Thu Aug 10 19:29:06 UTC 2023

On 8/10/23 21:18, leo camilo wrote:
> Hi everyone,
> 
> I was hoping I would seek some sage advice from you guys.
> 
> At my department we have build this small prototyping cluster with 5 
> compute nodes,1 name node and 1 file server.
> 
> Up until now, the name node contained the scratch partition, which 
> consisted of 2x4TB HDD, which form an 8 TB striped zfs pool. The pool is 
> shared to all the nodes using nfs. The compute nodes and the name node 
> and compute nodes are connected with both cat6 ethernet net cable and 
> infiniband. Each compute node has 40 cores.
> 
> Recently I have attempted to launch computation from each node (40 tasks 
> per node), so 1 computation per node.  And the performance was abysmal. 
> I reckon I might have reached the limits of NFS.
> 
> I then realised that this was due to very poor performance from NFS. I 
> am not using stateless nodes, so each node has about 200 GB of SSD 
> storage and running directly from there was a lot faster.
> 
> So, to solve the issue,  I reckon I should replace NFS with something 
> better.
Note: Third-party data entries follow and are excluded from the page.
Lemma fib_sums x (a : nat -> vec) (d : int) :
    (forall t, a t.+1 = SigmaPar x (~~ odd t) (a t)) ->
    (exists2 S, covers (a 0%N) S &
       sum_minus x 0 (a 0%N) S = fib d /\ sum_plus x 0 (a 0%N) S = fib (d + 2)) ->
  forall t, exists2 S, covers (a t) S &
    sum_minus x t (a t) S = fib (2 * t%:Z + d) /\
    sum_plus x t (a t) S = fib (2 * t%:Z + d + 2).
Proof.
move=> aS [S0 cov0 sums0]; elim=> [|t [S cov [m p]]]; first by exists S0; rewrite ?add0r.
exists (nbhd S); first by rewrite aS; apply: covers_SigmaPar.
have [m' p'] := sums_SigmaPar x t cov; rewrite aS m' p' p m -fibD4.
by split; congr fib; lia.
Qed.

Lemma sums_covers x t a S S' : covers a S -> covers a S' ->
  sum_minus x t a S = sum_minus x t a S' /\ sum_plus x t a S = sum_plus x t a S'.
Proof. by move=> aS aS'; split; apply: sum_covers. Qed.

Lemma svecS x t : svec x t.+1 = SigmaPar x (~~ odd t) (svec x t).
Proof. by rewrite /=; case: (odd t). Qed.

Lemma rvecS x y t : rvec x y t.+1 = SigmaPar x (~~ odd t) (rvec x y t).
Proof. by rewrite /=; case: (odd t). Qed.

Lemma sbaseE x z : sbase x z = (z == x)%:R.
Proof. by rewrite /sbase; case: eqP. Qed.

Lemma sbase_ge0 x z : 0 <= sbase x z.
Proof. by rewrite sbaseE ler0n. Qed.

Lemma svec_fib_sums x t : (exists S, covers (svec x t) S) /\
  forall S, covers (svec x t) S ->
    sum_minus x t (svec x t) S = fib (2 * t%:Z) /\
    sum_plus x t (svec x t) S = fib (2 * t%:Z + 2).
Proof.
have init : exists2 S, covers (svec x 0) S &
    sum_minus x 0 (svec x 0) S = fib 0 /\ sum_plus x 0 (svec x 0) S = fib (0 + 2).
  exists [:: x]; last first.
    by rewrite /sum_minus /sum_plus !big_cons !big_nil odd_dist_refl /= sbaseE eqxx.
  by split=> // z; rewrite /= sbaseE inE; case: (z == x).
have [S cov [m p]] := fib_sums (svecS x) init t.
split=> [|S' cov']; first by exists S.
by have [<- <-] := sums_covers x t cov cov'; rewrite m p addr0.
Qed.

Lemma rvec_fib_sums x y t : y \in nbrs x -> (exists S, covers (rvec x y t) S) /\
  forall S, covers (rvec x y t) S ->
    sum_minus x t (rvec x y t) S = fib (2 * t%:Z - 1) /\
    sum_plus x t (rvec x y t) S = fib (2 * t%:Z + 1).
Proof.
move=> xy; have yx := nbrs_neq xy.
have init : exists2 S, covers (rvec x y 0) S &
    sum_minus x 0 (rvec x y 0) S = fib (- 1) /\ sum_plus x 0 (rvec x y 0) S = fib (- 1 + 2).
  exists [:: x; y].
    split=> [|z]; first by rewrite /= inE yx.
    by rewrite /= !sbaseE !inE; case: (z == x); case: (z == y).
  rewrite /sum_minus /sum_plus !big_cons !big_nil (odd_dist_nbrs x xy) odd_dist_refl /=.
  by rewrite !sbaseE !eqxx eq_sym (negbTE yx).
have [S cov [m p]] := fib_sums (rvecS x y) init t.
split=> [|S' cov']; first by exists S.
by have [<- <-] := sums_covers x t cov cov'; rewrite m p -addrA.
Qed.

Record positivity_inv x (c : bool) (a : vec) : Prop := PositivityInv {
  inv_ge0 : forall z, 0 <= a z;
  inv_nbexcess_ge0 : forall z, odd (dist x z) == c -> 0 <= nbexcess a z;
  inv_two_nbrs : forall z, odd (dist x z) != c ->
    forall w, exists2 o, o \in nbrs z & (o != w) && (a z <= nbexcess a o) }.

Lemma exists_nbr_other z v w : exists2 o, o \in nbrs z & (o != v) && (o != w).
Proof. by apply: exists_other; rewrite ?uniq_nbrs ?size_nbrs. Qed.

Lemma le_nbsum a z w : (forall v, 0 <= a v) -> w \in nbrs z -> a w <= nbsum a z.
Proof.
move=> a0 zw; have := ler_sum_uniq_sub (r := [:: w]) (s := nbrs z) _ _ _ a0.
by rewrite big_seq1; apply; rewrite ?uniq_nbrs // => v; rewrite inE => /eqP->.
Qed.

Lemma le2_nbsum a z v w : (forall u, 0 <= a u) -> v \in nbrs z -> w \in nbrs z ->
  v != w -> a v + a w <= nbsum a z.
Proof.
move=> a0 zv zw vw; have := ler_sum_uniq_sub (r := [:: v; w]) (s := nbrs z) _ _ _ a0.
rewrite big_cons big_seq1; apply; rewrite ?uniq_nbrs //= ?inE ?vw // => u.
by rewrite !inE => /orP[] /eqP->.
Qed.

Lemma positivity_inv_SigmaPar x c a :
  positivity_inv x c a -> positivity_inv x (~~ c) (SigmaPar x c a).
Proof.
case=> a0 ex0 two; set b := SigmaPar x c a.
have b0 z : 0 <= b z by rewrite /b SigmaParE; case: ifP => [/ex0|].
split=> // z; rewrite ?eqbN ?negbK => zc.
  have [o zo /andP[_ ao]] := two z zc z.
  rewrite /nbexcess {2}/b SigmaParE (negbTE zc) subr_ge0 (le_trans ao) //.
  by have := le_nbsum b0 zo; rewrite /b SigmaParE (odd_dist_nbrs_eq x c zo) zc.
move=> w; have [o zo /andP[ow _]] := exists_nbr_other z w w.
have oc : odd (dist x o) != c by rewrite (odd_dist_nbrs_eq x c zo) negbK.
have [v ov /andP[vz av]] := two o oc z.
exists o; rewrite // ow /=.
have vc : odd (dist x v) == c by rewrite (odd_dist_nbrs_eq x c ov).
have := le2_nbsum b0 (_ : z \in nbrs o) ov (_ : z != v); rewrite -nbrs_sym eq_sym.
rewrite /nbexcess [b v]/b [b o]/b !SigmaParE (negbTE oc) vc => /(_ zo vz).
lia.
Qed.

Lemma positivity_inv_iter x (a : nat -> vec) :
    (forall t, a t.+1 = SigmaPar x (~~ odd t) (a t)) -> positivity_inv x true (a 0%N) ->
  forall t, positivity_inv x (~~ odd t) (a t).
Proof. by move=> aS a0; elim=> // t IHt; rewrite aS; apply: positivity_inv_SigmaPar. Qed.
I have ordered 2x4TB NVMEs  for the new scratch and I was 
> thinking of :
> 
>   * using the 2x4TB NVME in a striped ZFS pool and use a single node
>     GlusterFS to replace NFS
>   * using the 2x4TB NVME with GlusterFS in a distributed arrangement
>     (still single node)
> 
> Some people told me to use lustre,but I reckon that might be overkill. 
> And I would only use a single fileserver machine(1 node).
> 
> Could you guys give me some sage advice here?
> 

So glusterfs is using fuse, which doesn't have the best performance 
reputation (although hopefully not for long - feel free to search for 
"fuse" + "uring").

If you want to avoid complexity of Lustre, maybe look into BeeGFS. Well, 
I would recommend to look into it anyway (as former developer I'm biased 
again ;) ).

Cheers,
Bernd